Brian Turner's lamb chump chops in tomato, chilli and kidney bean sauce

A delicious casserole for any occasion

Ingredients (Serves 4)
  • 25g/1oz lard
  • 8 lamb chump chops, trimmed
  • 1 onion, peeled and finely chopped
  • 1 fresh green chilli, finely chopped
  • 1 clove garlic, crushed
  • 1 glass dry-white wine
  • 1 tbsp white wine vinegar
  • 300ml/1/2pt lamb stock
  • 1 cinnamon stick
  • 1 x 410g can chopped tomatoes
  • 1tsp dried oregano
  • 1 x 410g can red kidney beans, drained and well rinsed
  • Salt and freshly ground black pepper
  • Tabasco sauce to taste
  • 6 tomatoes, peeled, deseeded and roughly chopped
  • 2 tbsp chopped fresh chives
  • 1 tbsp olive oil
  • Steamed green beans to serve

Preheat the oven to 150°C, 275°F, Gas 1.

Heat the lard in a large ovenproof casserole on the hob until melted. Add the chump chops and brown all over to seal. Remove and set aside. Add the onion, chilli and garlic to the pan and sweat gently but do not allow to colour. Stir in the white wine, vinegar, stock, cinnamon stick, tomatoes and oregano then bring to the boil. Return the chops to the casserole then transfer to the oven for 1 hour.

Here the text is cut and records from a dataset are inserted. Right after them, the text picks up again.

(* Suppose that $A,B\in\mathbb{S}^d$ and $K^\star\in\mathbb{S}^d_{\le1}$ satisfy $t_{\mathrm{mix}}(A)>4\cdot t_{\mathrm{mix}}(C(K^\star))$, where $C(K^\star):=(1-\|K^\star\|_{1\to1})A+BK^\star$. Then $\|K^\star\|_{1\to1}>1/(96\cdot t_{\mathrm{mix}}(C(K^\star)))$.
   Context: $\mathbb{S}^d$ is the set of $d\times d$ column-stochastic matrices, $\mathbb{S}^d_a:=\{aM:M\in\mathbb{S}^d\}$ and $\mathbb{S}^d_{\le1}:=\bigcup_{a\in[0,1]}\mathbb{S}^d_a$. $\|M\|_{1\to1}:=\sup_{\|x\|_1=1}\|Mx\|_1$. For $X\in\mathbb{S}^d$ with unique stationary distribution $\pi$, $D_X(t):=\sup_{p\in\Delta^d}\|X^tp-\pi\|_1$ and $t_{\mathrm{mix}}(X):=\min\{t\in\mathbb{N}:D_X(t)\le1/4\}$; if $X$ has no unique stationary distribution, $t_{\mathrm{mix}}(X):=\infty$. *)

From HB Require Import structures.
From mathcomp Require Import all_boot all_order all_algebra.
From mathcomp Require Import all_classical all_reals.
From mathcomp Require Import ereal.
Set Implicit Arguments. Unset Strict Implicit. Unset Printing Implicit Defensive.
Import Order.TTheory GRing.Theory Num.Theory.
Local Open Scope ring_scope.
Local Open Scope classical_set_scope.

Section Defs.
Variables (R : realType) (d : nat).

Definition norm1 (x : 'cV[R]_d) : R := \sum_i `|x i 0|.

Definition col_stoch (M : 'M[R]_d) : Prop :=
  (forall i j, 0 <= M i j) /\ (forall j, \sum_i M i j = 1).

Definition sub_col_stoch (K : 'M[R]_d) : Prop :=
  exists a : R, 0 <= a <= 1 /\ exists M, col_stoch M /\ K = a *: M.

Definition opnorm11 (M : 'M[R]_d) : R :=
  sup [set norm1 (M *m x) | x in [set x : 'cV[R]_d | norm1 x = 1]].

Definition simplex : set 'cV[R]_d :=
  [set p | (forall i, 0 <= p i 0) /\ \sum_i p i 0 = 1].

Definition unique_stationary (X : 'M[R]_d) (pi : 'cV[R]_d) : Prop :=
  simplex pi /\ X *m pi = pi /\
  forall q, simplex q -> X *m q = q -> q = pi.

Definition Dist (X : 'M[R]_d) (pi : 'cV[R]_d) (t : nat) : R :=
  sup [set norm1 (iter t (fun v => X *m v) p - pi) | p in simplex].

(* t_mix(X) in N u {+oo}: min {t | D_X(t) <= 1/4} if X has a unique
   stationary distribution (and +oo if that set is empty), +oo otherwise. *)
Definition tmix (X : 'M[R]_d) : \bar R :=
  ereal_inf [set ((t%:R : R)%:E) | t in
    [set t : nat | exists pi, unique_stationary X pi /\ Dist X pi t <= 4^-1]].

Definition Cmat (A B K : 'M[R]_d) : 'M[R]_d :=
  (1 - opnorm11 K) *: A + B *m K.

End Defs.

From HB Require Import structures.
From mathcomp Require Import all_boot all_order all_algebra.
From mathcomp Require Import all_classical all_reals.
From mathcomp Require Import ereal.
From mathcomp Require Import ring lra.
Set Implicit Arguments.
Unset Strict Implicit.
Unset Printing Implicit Defensive.
Import Order.TTheory GRing.Theory Num.Theory.
Local Open Scope ring_scope.
Local Open Scope classical_set_scope.

(* Write t = t_mix(C) and a = ||K||.  Being within 1/4 of stationarity after
   t steps makes C^t contract zero-mass vectors by 1/4 in l1, hence C^(4t)
   contracts them by 4^-4.  As ||A y - C y|| <= 2a ||y||, the powers A^(4t) and
   C^(4t) differ by at most 8ta, which is <= 1/12 when a <= 1/(96t); so A^(4t)
   contracts zero-mass vectors by 1/8.  Then A has a unique stationary
   distribution and D_A(4t) <= 1/4, i.e. t_mix(A) <= 4t, a contradiction. *)

Section L1Norm.
Context {R : realType} {d : nat}.
Implicit Types (p q x y : 'cV[R]_d).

Stir in the kidney beans and cook for a further 30 minutes. Remove the casserole from the oven and carefully lift out the chops and set aside, keeping warm.

Place the casserole on the hob and reduce the sauce over a medium heat until thick enough to coat the back of a spoon.

Season to taste and add a splash of Tabasco. Stir in half of the chopped tomatoes and bring to the boil.

Mix the rest of the tomatoes with the chives and olive oil, season and set aside.

Pour the sauce over the lamb chops, sprinkle with the tomato and chive mix and serve with green beans.